*** Opening of RECORDS FOR PROCESSING ***
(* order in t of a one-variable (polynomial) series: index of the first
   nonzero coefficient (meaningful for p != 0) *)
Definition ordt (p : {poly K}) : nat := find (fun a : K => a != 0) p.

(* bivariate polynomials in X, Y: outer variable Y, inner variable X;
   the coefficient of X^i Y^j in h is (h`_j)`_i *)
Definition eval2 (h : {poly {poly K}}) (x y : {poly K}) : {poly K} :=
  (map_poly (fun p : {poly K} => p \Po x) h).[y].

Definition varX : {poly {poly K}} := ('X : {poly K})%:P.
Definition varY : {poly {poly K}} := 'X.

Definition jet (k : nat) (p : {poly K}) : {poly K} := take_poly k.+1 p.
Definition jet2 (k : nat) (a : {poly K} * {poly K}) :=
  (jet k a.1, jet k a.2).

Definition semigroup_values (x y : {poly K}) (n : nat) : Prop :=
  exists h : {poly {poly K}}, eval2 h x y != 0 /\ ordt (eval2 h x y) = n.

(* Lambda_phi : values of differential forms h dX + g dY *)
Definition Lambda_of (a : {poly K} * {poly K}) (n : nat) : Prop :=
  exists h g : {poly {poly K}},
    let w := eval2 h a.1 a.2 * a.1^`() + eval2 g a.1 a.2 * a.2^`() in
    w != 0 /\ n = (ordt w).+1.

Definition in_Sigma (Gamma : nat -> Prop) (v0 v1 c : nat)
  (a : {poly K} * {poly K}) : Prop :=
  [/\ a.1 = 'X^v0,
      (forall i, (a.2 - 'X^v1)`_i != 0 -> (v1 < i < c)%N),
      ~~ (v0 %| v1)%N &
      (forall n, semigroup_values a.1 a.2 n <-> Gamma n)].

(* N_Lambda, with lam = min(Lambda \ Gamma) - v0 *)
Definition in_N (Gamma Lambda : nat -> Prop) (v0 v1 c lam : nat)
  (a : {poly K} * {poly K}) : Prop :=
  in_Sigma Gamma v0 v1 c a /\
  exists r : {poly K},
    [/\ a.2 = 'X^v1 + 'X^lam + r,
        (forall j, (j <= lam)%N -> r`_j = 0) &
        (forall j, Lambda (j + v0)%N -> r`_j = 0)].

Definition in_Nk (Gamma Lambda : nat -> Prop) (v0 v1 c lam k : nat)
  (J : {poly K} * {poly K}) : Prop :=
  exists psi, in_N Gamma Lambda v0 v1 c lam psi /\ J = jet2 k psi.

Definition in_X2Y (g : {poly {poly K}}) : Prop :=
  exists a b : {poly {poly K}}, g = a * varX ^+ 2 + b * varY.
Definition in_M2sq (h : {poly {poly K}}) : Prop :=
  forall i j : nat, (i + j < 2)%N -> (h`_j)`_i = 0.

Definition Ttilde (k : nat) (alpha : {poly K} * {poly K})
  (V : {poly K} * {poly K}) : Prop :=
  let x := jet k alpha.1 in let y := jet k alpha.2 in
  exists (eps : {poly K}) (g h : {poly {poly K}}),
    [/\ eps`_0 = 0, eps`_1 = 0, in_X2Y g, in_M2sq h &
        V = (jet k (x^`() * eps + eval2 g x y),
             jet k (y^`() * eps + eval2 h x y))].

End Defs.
*** Close of RECORDS FOR PROCESSING ***
TASK GOAL: What you give back should be only the lines of the records above, starting at the line with "Definition eval2 (h" and ending at the line with "forall i j : nat, (i", restated word for word.

TASK OUTPUT:
Definition eval2 (h : {poly {poly K}}) (x y : {poly K}) : {poly K} :=
  (map_poly (fun p : {poly K} => p \Po x) h).[y].

Definition varX : {poly {poly K}} := ('X : {poly K})%:P.
Definition varY : {poly {poly K}} := 'X.

Definition jet (k : nat) (p : {poly K}) : {poly K} := take_poly k.+1 p.
Definition jet2 (k : nat) (a : {poly K} * {poly K}) :=
  (jet k a.1, jet k a.2).

Definition semigroup_values (x y : {poly K}) (n : nat) : Prop :=
  exists h : {poly {poly K}}, eval2 h x y != 0 /\ ordt (eval2 h x y) = n.

(* Lambda_phi : values of differential forms h dX + g dY *)
Definition Lambda_of (a : {poly K} * {poly K}) (n : nat) : Prop :=
  exists h g : {poly {poly K}},
    let w := eval2 h a.1 a.2 * a.1^`() + eval2 g a.1 a.2 * a.2^`() in
    w != 0 /\ n = (ordt w).+1.

Definition in_Sigma (Gamma : nat -> Prop) (v0 v1 c : nat)
  (a : {poly K} * {poly K}) : Prop :=
  [/\ a.1 = 'X^v0,
      (forall i, (a.2 - 'X^v1)`_i != 0 -> (v1 < i < c)%N),
      ~~ (v0 %| v1)%N &
      (forall n, semigroup_values a.1 a.2 n <-> Gamma n)].

(* N_Lambda, with lam = min(Lambda \ Gamma) - v0 *)
Definition in_N (Gamma Lambda : nat -> Prop) (v0 v1 c lam : nat)
  (a : {poly K} * {poly K}) : Prop :=
  in_Sigma Gamma v0 v1 c a /\
  exists r : {poly K},
    [/\ a.2 = 'X^v1 + 'X^lam + r,
        (forall j, (j <= lam)%N -> r`_j = 0) &
        (forall j, Lambda (j + v0)%N -> r`_j = 0)].

Definition in_Nk (Gamma Lambda : nat -> Prop) (v0 v1 c lam k : nat)
  (J : {poly K} * {poly K}) : Prop :=
  exists psi, in_N Gamma Lambda v0 v1 c lam psi /\ J = jet2 k psi.

Definition in_X2Y (g : {poly {poly K}}) : Prop :=
  exists a b : {poly {poly K}}, g = a * varX ^+ 2 + b * varY.
Definition in_M2sq (h : {poly {poly K}}) : Prop :=
  forall i j : nat, (i + j < 2)%N -> (h`_j)`_i = 0.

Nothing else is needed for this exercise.